INSTRUCTIONS TO FOLLOW:
Everything before the line containing "Inductive polyS : (V" stays out; print that line and all lines below it through the last, exactly.

DATASET RECORDS:
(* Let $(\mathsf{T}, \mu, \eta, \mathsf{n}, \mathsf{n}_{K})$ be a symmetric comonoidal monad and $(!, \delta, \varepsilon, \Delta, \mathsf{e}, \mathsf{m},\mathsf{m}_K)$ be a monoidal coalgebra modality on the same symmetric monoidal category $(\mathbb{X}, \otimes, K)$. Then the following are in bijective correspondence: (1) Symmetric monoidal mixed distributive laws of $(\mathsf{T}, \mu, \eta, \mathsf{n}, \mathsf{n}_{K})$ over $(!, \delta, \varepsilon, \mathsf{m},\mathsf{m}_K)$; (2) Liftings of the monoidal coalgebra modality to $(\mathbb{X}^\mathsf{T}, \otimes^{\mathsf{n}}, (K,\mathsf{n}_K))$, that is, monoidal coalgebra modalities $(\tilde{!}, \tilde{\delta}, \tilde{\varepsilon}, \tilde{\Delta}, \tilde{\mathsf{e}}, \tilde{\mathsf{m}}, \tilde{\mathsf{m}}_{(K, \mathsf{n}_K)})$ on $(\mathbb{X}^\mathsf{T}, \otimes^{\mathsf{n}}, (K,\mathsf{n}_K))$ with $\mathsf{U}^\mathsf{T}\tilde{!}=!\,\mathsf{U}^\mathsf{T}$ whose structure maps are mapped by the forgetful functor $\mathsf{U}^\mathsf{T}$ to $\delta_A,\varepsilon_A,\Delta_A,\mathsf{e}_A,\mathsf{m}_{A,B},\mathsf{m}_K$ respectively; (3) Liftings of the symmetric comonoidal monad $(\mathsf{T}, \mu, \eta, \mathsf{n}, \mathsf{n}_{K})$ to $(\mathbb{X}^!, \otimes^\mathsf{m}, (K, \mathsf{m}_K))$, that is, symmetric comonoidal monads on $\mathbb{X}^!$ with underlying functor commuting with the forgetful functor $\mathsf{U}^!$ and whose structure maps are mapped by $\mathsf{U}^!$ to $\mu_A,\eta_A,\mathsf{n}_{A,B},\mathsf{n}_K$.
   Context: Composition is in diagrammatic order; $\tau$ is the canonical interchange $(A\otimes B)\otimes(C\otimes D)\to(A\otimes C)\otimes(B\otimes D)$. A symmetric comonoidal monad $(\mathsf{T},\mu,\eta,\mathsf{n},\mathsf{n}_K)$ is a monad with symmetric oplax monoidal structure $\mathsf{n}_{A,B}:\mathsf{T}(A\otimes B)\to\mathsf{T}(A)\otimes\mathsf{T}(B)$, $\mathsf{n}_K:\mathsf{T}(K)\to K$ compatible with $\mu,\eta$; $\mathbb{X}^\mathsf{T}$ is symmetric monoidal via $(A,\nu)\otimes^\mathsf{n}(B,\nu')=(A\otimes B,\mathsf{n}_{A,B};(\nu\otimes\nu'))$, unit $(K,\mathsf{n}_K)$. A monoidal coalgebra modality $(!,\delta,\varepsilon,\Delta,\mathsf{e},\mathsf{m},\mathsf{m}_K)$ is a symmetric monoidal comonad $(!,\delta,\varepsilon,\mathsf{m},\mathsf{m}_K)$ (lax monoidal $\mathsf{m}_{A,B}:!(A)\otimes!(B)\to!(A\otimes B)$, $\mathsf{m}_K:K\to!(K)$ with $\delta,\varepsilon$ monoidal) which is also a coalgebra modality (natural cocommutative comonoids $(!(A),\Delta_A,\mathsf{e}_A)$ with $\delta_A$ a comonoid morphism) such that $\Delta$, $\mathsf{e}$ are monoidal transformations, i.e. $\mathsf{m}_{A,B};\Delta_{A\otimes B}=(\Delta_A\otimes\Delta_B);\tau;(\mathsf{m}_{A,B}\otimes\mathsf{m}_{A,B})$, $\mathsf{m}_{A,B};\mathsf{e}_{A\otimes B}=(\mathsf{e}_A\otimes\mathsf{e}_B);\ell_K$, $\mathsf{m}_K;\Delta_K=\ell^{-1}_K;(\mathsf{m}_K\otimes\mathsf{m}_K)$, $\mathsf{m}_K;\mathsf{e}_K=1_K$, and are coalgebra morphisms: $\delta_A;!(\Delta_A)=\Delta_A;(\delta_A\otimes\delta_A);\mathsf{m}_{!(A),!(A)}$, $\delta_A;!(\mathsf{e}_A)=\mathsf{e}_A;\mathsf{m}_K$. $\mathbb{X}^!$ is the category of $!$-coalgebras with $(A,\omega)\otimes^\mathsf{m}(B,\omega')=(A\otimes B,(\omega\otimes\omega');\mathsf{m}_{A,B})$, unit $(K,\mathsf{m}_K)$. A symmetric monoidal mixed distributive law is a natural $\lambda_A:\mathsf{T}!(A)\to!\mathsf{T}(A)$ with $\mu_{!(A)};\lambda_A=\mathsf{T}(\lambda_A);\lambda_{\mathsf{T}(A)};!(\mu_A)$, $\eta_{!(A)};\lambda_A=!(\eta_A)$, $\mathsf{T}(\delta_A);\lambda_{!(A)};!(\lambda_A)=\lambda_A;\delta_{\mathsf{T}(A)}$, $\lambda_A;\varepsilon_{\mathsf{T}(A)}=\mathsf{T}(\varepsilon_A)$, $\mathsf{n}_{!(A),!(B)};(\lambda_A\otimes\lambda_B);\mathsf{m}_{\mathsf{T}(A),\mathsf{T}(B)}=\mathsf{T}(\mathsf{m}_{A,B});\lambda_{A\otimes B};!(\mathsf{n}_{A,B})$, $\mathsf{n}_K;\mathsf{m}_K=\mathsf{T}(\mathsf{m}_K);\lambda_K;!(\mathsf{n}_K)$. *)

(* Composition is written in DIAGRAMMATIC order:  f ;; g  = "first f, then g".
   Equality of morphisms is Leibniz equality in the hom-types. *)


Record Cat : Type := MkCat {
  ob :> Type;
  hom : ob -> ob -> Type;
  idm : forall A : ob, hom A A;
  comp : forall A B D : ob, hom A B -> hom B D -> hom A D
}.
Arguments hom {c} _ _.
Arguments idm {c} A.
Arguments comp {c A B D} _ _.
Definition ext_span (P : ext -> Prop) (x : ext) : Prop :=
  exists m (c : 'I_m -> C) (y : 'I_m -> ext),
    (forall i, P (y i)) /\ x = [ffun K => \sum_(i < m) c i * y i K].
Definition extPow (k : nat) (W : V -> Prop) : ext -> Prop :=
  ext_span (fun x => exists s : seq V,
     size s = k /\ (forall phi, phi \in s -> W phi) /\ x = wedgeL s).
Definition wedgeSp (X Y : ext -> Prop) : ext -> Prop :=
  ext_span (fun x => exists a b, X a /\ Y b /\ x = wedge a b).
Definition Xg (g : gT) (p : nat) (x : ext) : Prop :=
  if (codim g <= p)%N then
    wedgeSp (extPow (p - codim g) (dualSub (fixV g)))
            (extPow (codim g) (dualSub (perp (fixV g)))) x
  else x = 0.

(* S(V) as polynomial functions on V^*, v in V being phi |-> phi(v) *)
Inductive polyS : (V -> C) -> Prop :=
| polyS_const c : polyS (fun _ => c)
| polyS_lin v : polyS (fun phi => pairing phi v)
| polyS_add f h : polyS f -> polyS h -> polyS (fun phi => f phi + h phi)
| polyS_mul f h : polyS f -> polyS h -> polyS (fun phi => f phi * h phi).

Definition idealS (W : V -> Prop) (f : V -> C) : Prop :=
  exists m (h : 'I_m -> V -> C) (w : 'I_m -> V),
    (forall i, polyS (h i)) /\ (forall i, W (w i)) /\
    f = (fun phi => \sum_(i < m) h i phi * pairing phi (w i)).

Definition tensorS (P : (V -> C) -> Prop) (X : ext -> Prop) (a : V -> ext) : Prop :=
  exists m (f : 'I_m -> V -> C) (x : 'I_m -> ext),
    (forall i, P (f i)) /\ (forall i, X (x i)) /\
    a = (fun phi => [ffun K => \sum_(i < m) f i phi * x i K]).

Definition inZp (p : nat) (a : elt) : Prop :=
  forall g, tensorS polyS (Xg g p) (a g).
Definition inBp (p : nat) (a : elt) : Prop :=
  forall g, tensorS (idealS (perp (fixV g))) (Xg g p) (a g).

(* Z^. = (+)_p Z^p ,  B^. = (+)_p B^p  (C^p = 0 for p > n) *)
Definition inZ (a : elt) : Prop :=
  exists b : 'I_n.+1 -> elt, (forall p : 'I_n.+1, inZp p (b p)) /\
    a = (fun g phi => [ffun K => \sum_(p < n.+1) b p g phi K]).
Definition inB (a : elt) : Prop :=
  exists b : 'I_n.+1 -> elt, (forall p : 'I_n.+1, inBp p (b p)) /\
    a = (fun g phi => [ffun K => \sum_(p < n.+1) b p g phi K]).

ANSWER SECTION:
Inductive polyS : (V -> C) -> Prop :=
| polyS_const c : polyS (fun _ => c)
| polyS_lin v : polyS (fun phi => pairing phi v)
| polyS_add f h : polyS f -> polyS h -> polyS (fun phi => f phi + h phi)
| polyS_mul f h : polyS f -> polyS h -> polyS (fun phi => f phi * h phi).

Definition idealS (W : V -> Prop) (f : V -> C) : Prop :=
  exists m (h : 'I_m -> V -> C) (w : 'I_m -> V),
    (forall i, polyS (h i)) /\ (forall i, W (w i)) /\
    f = (fun phi => \sum_(i < m) h i phi * pairing phi (w i)).

Definition tensorS (P : (V -> C) -> Prop) (X : ext -> Prop) (a : V -> ext) : Prop :=
  exists m (f : 'I_m -> V -> C) (x : 'I_m -> ext),
    (forall i, P (f i)) /\ (forall i, X (x i)) /\
    a = (fun phi => [ffun K => \sum_(i < m) f i phi * x i K]).

Definition inZp (p : nat) (a : elt) : Prop :=
  forall g, tensorS polyS (Xg g p) (a g).
Definition inBp (p : nat) (a : elt) : Prop :=
  forall g, tensorS (idealS (perp (fixV g))) (Xg g p) (a g).

(* Z^. = (+)_p Z^p ,  B^. = (+)_p B^p  (C^p = 0 for p > n) *)
Definition inZ (a : elt) : Prop :=
  exists b : 'I_n.+1 -> elt, (forall p : 'I_n.+1, inZp p (b p)) /\
    a = (fun g phi => [ffun K => \sum_(p < n.+1) b p g phi K]).
Definition inB (a : elt) : Prop :=
  exists b : 'I_n.+1 -> elt, (forall p : 'I_n.+1, inBp p (b p)) /\
    a = (fun g phi => [ffun K => \sum_(p < n.+1) b p g phi K]).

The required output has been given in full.